A chime sounded, and red lights activated around the airlock doors at the end of the station. Saras’ voice came from public address speakers overhead, speaking to the half-dozen other officers milling about in the queue.
“The tram to the Central Sector is arriving now. Please stand behind the marked areas and wait for passengers to debark.”
The doors opened to admit a blocky single-car conveyance, gliding smoothly on a cushion of electromagnetism. It pulled to a halt against a long rubber barrier bolted against the permacrete slab, sat a moment, then opened its doors on the sides and rear. Marines and non-coms filed out, most in pairs. Many others seemed to be talking to themselves when viewed in profile but were carrying on conversations over their headsets as Nero had been doing a moment ago.
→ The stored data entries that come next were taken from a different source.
Lemma orthogonal_row_rep_space B :
  B \in AltR F n -> (mxvec B *m row_rep_space^T == 0) = eulerianR B.
Proof.
move=> /AltRP [_ Bskew].
have colsum j : \sum_i B i j = - \sum_i B j i.
  by rewrite -sumrN; apply: eq_bigr => i _; apply/eqP; rewrite -addr_eq0 addrC Bskew.
apply/orthogonal_submxP/eulerianRP => [Bperp j|Beul u /submxP [c ->]].
  have := Bperp (delta_mx 0 j *m row_rep_space) (submxMl _ _).
  rewrite mul_row_rep_space mxvec_dot => dot0.
  apply/eqP; rewrite -oppr_eq0 -colsum; apply/eqP; rewrite -[RHS]dot0.
  apply: eq_bigr => a _; rewrite (bigD1 j) //= big1 => [|b /negbTE jb]; last first.
    by rewrite !mxE jb andbF mulr0.
  by rewrite !mxE !eqxx mulr1 addr0.
rewrite mul_row_rep_space mxvec_dot exchange_big big1 // => j _.
under eq_bigr do rewrite mxE.
by rewrite -mulr_suml colsum Beul oppr0 mul0r.
Qed.

Lemma orthogonal_switch_space B :
  (mxvec B *m switch_space^T == 0) = (B \in EulAltR F n).
Proof.
rewrite /switch_space tr_col_mx mul_mx_row row_mx_eq0 orthogonal_sym_space.
by apply/andP/setIdP=> -[AltB]; rewrite orthogonal_row_rep_space.
Qed.

End SwitchSpace.

Section PrimeField.
Variables (F : finFieldType) (n : nat).
Local Notation M := 'M[F]_n.
Local Notation N := (n * n)%N.
Local Notation K := (switch_space F n).
Implicit Types (A B X Y : M) (s : 'S_n).

Lemma switch_space_relabel Y s :
  (Y \in K)%MS -> (relabel Y s \in K)%MS.
Proof.
move=> /switch_spaceP [c Yc]; apply/switch_spaceP.
by exists (\row_v c 0 (s^-1 v)%g); rewrite relabel_tr -relabelB Yc relabel_switch_mx.
Qed.

Definition switch_coset B : {set M} := [set X | (X - B \in K)%MS].

Lemma switch_coset_refl B : B \in switch_coset B.
Proof. by rewrite inE subrr linear0 sub0mx. Qed.

Lemma switch_coset_eqP B B' :
  reflect (switch_coset B = switch_coset B') (B - B' \in K)%MS.
Proof.
apply: (iffP idP) => [BB'|eqBB']; last by have := switch_coset_refl B; rewrite eqBB' inE.
have diffE X : mxvec (X - B') = mxvec (X - B) + mxvec (B - B').
  by rewrite -linearD addrA subrK.
apply/setP=> X; rewrite !inE diffE; apply/idP/idP => [XB|XB']; first exact: addmx_sub.
by rewrite -[mxvec (X - B)](addrK (mxvec (B - B'))) addmx_sub // eqmx_opp.
Qed.

Definition relabel_act := TotalAction (@relabel1 F n) (fun A s t => esym (relabelM A s t)).

Lemma switch_coset_relabel B s :
  (relabel_act^*)%act (switch_coset B) s = switch_coset (relabel B s).
Proof.
apply/setP=> X; apply/imsetP/idP => [[Z BZ ->]|BsX].
  by rewrite inE /= -relabelB switch_space_relabel //; rewrite inE in BZ.
exists (relabel X s^-1); last by rewrite /= relabelM mulVg relabel1.
by move: BsX; rewrite !inE => /(switch_space_relabel s^-1); rewrite relabelB relabelK.
Qed.

Definition switch_cosets : {set {set M}} := [set switch_coset B | B : M].

Lemma acts_switch_cosets : [acts [set: 'S_n], on switch_cosets | relabel_act^*].
Proof.
apply/subsetP=> s _; rewrite !inE; apply/subsetP=> _ /imsetP [B _ ->].
by rewrite inE switch_coset_relabel imset_f.
Qed.

Lemma acts_EulAltR : [acts [set: 'S_n], on EulAltR F n | relabel_act].
Proof.
by apply/subsetP=> s _; rewrite !inE; apply/subsetP=> A EulA; rewrite inE EulAltR_relabel.
Qed.

Lemma card_vec_mx (P : pred M) :
  #|[set B : M | P B]| = #|[set v : 'rV[F]_N | P (vec_mx v)]|.
Proof.
have -> : [set v : 'rV[F]_N | P (vec_mx v)] = mxvec @: [set B : M | P B].
  apply/setP=> v; rewrite inE; apply/idP/imsetP => [Pv|[B PB ->]].
    by exists (vec_mx v); rewrite ?inE // vec_mxK.
  by rewrite mxvecK; rewrite inE in PB.
by rewrite card_imset //; apply: (can_inj (@mxvecK F n n)).
Qed.

Lemma card_switch_coset B : #|switch_coset B| = #|rowg K|.
Proof.
rewrite card_vec_mx -(card_imset (rowg K) (addIr (mxvec B))); apply: eq_card => v.
rewrite !inE; have -> : mxvec (vec_mx v - B) = v - mxvec B by rewrite linearB /= vec_mxK.
apply/idP/imsetP => [vB|[w Kw ->]]; first by exists (v - mxvec B); rewrite ?subrK ?inE.
by rewrite addrK; rewrite inE in Kw.
Qed.

Lemma switch_coset_fixed B s :
  (switch_coset B \in ('Fix_(switch_cosets | relabel_act^*)[s])%g) =
  (relabel B s - B \in K)%MS.
Proof.
rewrite inE imset_f //=; apply/afix1P/switch_coset_eqP; rewrite switch_coset_relabel.
  by move=> ->.
by move=> ->.
Qed.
She stepped into the car and threaded her wrist through one of the nylon loops suspended from the ceiling. The armor she was wearing didn’t lend itself well to sitting because of the rigid plates situated throughout the microweave suit. It’d be a while before she broke this suit in.
Soon the train headed back through the overland conduit on Callisto’s surface. Long windows stretched along both sides of the tunnel, allowing her to see the moon’s surface. Not that there was much to see; the terrain looked jagged and black even at the best hours at full light. The surface of Callisto had been brutalized with meteoric impacts leaving the landscape pocked with huge craters. The ice marked these features by highlighting the edges against the glare of the sun. Even many of the structures that comprised Sisyphus-1 resembled great permacrete craters because most outside access came through recessed landing bays. Some areas had hospitable domes, but underneath them, protecting the critically important hardware, colonists, and station personnel was about a hundred feet of reinforced steel and ‘crete to protect against things like rogue asteroids, surface-penetrating nuclear weapons, or (if we’ve really made them mad, she thinks) a direct hit from a high-yield mass-driver.
But the eyes were usually drawn to the artificial structures first because of the colored lights that set them apart from the background. Nero could see the other tram conduits, the silhouettes of swiveling point-defense turrets, the bristling shadow of the control tower, and the massive shape of the Callistoan mass driver along with the Space Force’s catapult angled low like oversized artillery poised to fire.
It’s sights like this that Earthers rarely got to see even if they did much traveling to the colonies. There was such majesty and power around her that it still made her feel awed by the size and terrible complexity of human machinations that surround her. Nero tried her best to make these quiet snapshots the things she remembered, but they never stuck. This was the tourist memory. Her hand moved back to touch the scar over her collarbone. Her mind wandered to the only memories that wanted to stay. The screams, the fury. The scars in her memory that couldn't be grafted over.
She turned away from the window. “Saras? How about some of that Vivaldi?”